Austrian-Dutch singer-songwriter

Falco (De Jong) Luneau (7 August 1984) is an Austrian-Dutch singer-songwriter. He is best known for his 2006 participation in the Austrian version of American Idol, Starmania and his subsequent formation of the boyband “jetzt anders!” with several other participants, notably Tom Neuwirth, who in his Conchita Wurst persona won the Eurovision Song Contest 2014. After two hits in Austria, and their album Gut so reaching 9th on the Austrian charts, the band dissolved after just one year.

== Early life ==
Falco Luneau was born in 1984 in Bludenz in Vorarlberg, and grew up in the mountain village of Brand. He is the son of the Dutchwoman Jacqueline de Jong Luneau and the Austrian Rudolf Neslerhold, and as a result holds dual Austrian/Dutch citizenship. Before his musical career, he worked as a welder repairing ship- and harbour mobile cranes around the world.

== Musical career ==
After his 2006 participation in Starmania and year with "jetzt anders!", Luneau went solo. In 2009, he won the Radio 538 Demo Duel with his song "Nobody", which became the "Alarmschijf" (the most played song in Netherlands) and spent 5 weeks on the Dutch charts, topping out at 28th. After releasing his singles "I’m Still Pretending" and "No One's Fool", he toured with the Dutch artist Waylon from The Common Linnets before releasing his debut album "Years From Now".
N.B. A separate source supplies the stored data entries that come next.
Lemma stationary_exists : exists z, stationary z.
Proof.
pose h z := mu * z * (Ssum w nu z * Ssum w nu z) - beta * Ssum w nu z - s.
set a := - nu i0; set b := `|nu i0| + 1 + (beta + s) / mu.
have q_ge0 : 0 <= (beta + s) / mu by rewrite divr_ge0 // ltW // addr_gt0.
have norm_ge : - nu i0 <= `|nu i0| by rewrite -normrN ler_norm.
have ab : a <= b by rewrite /a /b; lra.
have ha : h a = - s by rewrite /h (Ssum_eq0 w i0_top) /a ?subrr //; ring.
have hb : 0 <= h b.
  have S1 : 1 <= Ssum w nu b.
    by apply: le_trans (Ssum_ge_term nu _ i0w); rewrite /b; lra.
  have mub : beta + s <= mu * b.
    rewrite /b mulrDr mulrCA divff ?mulr1 ?gt_eqF // lerDr.
    by rewrite mulr_ge0 ?ltW // ltr_wpDl.
  rewrite /h; set S := Ssum w nu b in S1 *.
  have SS : S <= S * S by rewrite ler_peMr // (le_trans ler01).
  have := ler_wpM2r (mulr_ge0 (le_trans ler01 S1) (le_trans ler01 S1)) mub.
  have := ler_wpM2l (ltW beta_gt0) SS; have := ler_peMr (ltW s_gt0) (le_trans S1 SS).
  lra.
have S_cont : continuous (Ssum w nu) by exact: Ssum_continuous.
have h_cont : continuous h.
  move=> z; apply: cvgB; [apply: cvgB | exact: cvg_cst].
  - apply: cvgM; apply: cvgM.
    + exact: cvg_cst.
    + exact: cvg_id.
    + exact: S_cont.
    + exact: S_cont.
  - by apply: cvgM; [exact: cvg_cst | exact: S_cont].
have [z _ hz] : exists2 z : R, z \in `[a, b] & h z = 0.
  apply: IVT => //; first exact: continuous_subspaceT.
  by rewrite ge_min le_max ha hb orbT oppr_le0 ltW.
(* h z = 0 rules out S(z) = 0, where h equals -s *)
have Sz_gt0 : 0 < Ssum w nu z.
  rewrite lt_def Ssum_ge0 andbT; apply/eqP => S0.
  by move: hz; rewrite /h S0 !mulr0 subr0 sub0r => /eqP; rewrite oppr_eq0 gt_eqF.
exists z; split => //; apply/dUk_eq => //; move: hz; rewrite /h expr2; lra.
Qed.

Variable z : R.
Hypothesis zs : stationary z.

Lemma stationary_gt0 : 0 < z.
Proof.
case: zs => S0 e; have := dUk_gt0 beta_gt0 s_gt0 S0.
by rewrite -e pmulr_rgt0.
Qed.

Lemma stationary_head : 0 < nu i0 + z.
Proof.
rewrite ltNge; apply/negP => h0; case: zs => S0 _.
by move: S0; rewrite (Ssum_eq0 _ i0_top h0) ltxx.
Qed.

Lemma idx_cond_inactive (j : 'I_P) :
  idx_cond w mu beta s nu j <-> nu j + z <= 0.
Proof.
case: zs => S0 e; have z0 := stationary_gt0.
split=> [[/= z0j [S0j cond]] | inact].
  (* if -nu_j < z then mu z = U'(S z) <= U'(S(-nu_j)) <= mu (-nu_j) < mu z *)
  suff : z <= - nu j by lra.
  rewrite leNgt; apply/negP => lt.
  have mu_lt : mu * - nu j < mu * z by rewrite ltr_pM2l.
  have := dUk_antitone (ltW beta_gt0) (ltW s_gt0) S0j (Ssum_le w nu (ltW lt)).
  rewrite -e; lra.
have zj : z <= - nu j by lra.
have Sle := Ssum_le w nu zj.
split; first by lra.
split; first exact: lt_le_trans Sle.
apply: le_trans (dUk_antitone (ltW beta_gt0) (ltW s_gt0) S0 Sle) _.
by rewrite -e ler_pM2l.
Qed.

(* If the active coordinates are exactly the first m, then z is the largest
   root of the cubic on that prefix: beyond z, U' decreases while mu y grows. *)
Lemma stationary_largest_root (m : nat) : (m <= w)%N ->
  (forall i : 'I_P, (i < m)%N -> 0 < nu i + z) ->
  (forall i : 'I_P, (m <= i < w)%N -> nu i + z <= 0) ->
  largest_root (cubic_eq m mu beta s nu) z.
Proof.
move=> mw pos nonpos; case: zs; rewrite (Ssum_prefix mw pos nonpos).
set T := fun y => \sum_(i < P | (i < m)%N) (nu i + y) => T0 e.
split; first by apply/dUk_eq.
move=> y; rewrite /cubic_eq /= -/(T y) => hy; rewrite leNgt; apply/negP => zy.
have Tzy : T z <= T y by apply: ler_sum => i _; rewrite lerD2l ltW.
have Ty0 : 0 < T y := lt_le_trans T0 Tzy.
have : dUk beta s (T y) < mu * y.
  apply: le_lt_trans (dUk_antitone (ltW beta_gt0) (ltW s_gt0) T0 Tzy) _.
  by rewrite -e ltr_pM2l.
by rewrite -((dUk_eq beta s _ Ty0).2 hy) ltxx.
Qed.

End Stationary.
In 2012, Luneau had his first chart success on the Netherlands Antilles with his summer hit "Skintight" and saw "25 Lightyears Away" with DJ Yanou selected as the Dancesmash of the week (most played dance track in the Netherlands).

In 2013 he participated in the Austrian ORF television show "Austria rocks the Song Contest" (Eurovision Song Contest pre-selection round) but did not win, and returned to the Vorarlberg to focus on songwriting and social activism.

== Social Activism ==
Since 2014, Luneau has focused on socially critical music projects under the pseudonym Wolfsrachen. In solidarity with the wave of refugees in 2015, this first project was created with the student choir of the Music Middle School in Thüringen, “Frieden ist kein Wintergarten” (Peace is not a Greenhouse). With partner organization "Team Freiheit" (Team Freedom), this resulted in a transnational school education initiative for the clarification of European values and human rights.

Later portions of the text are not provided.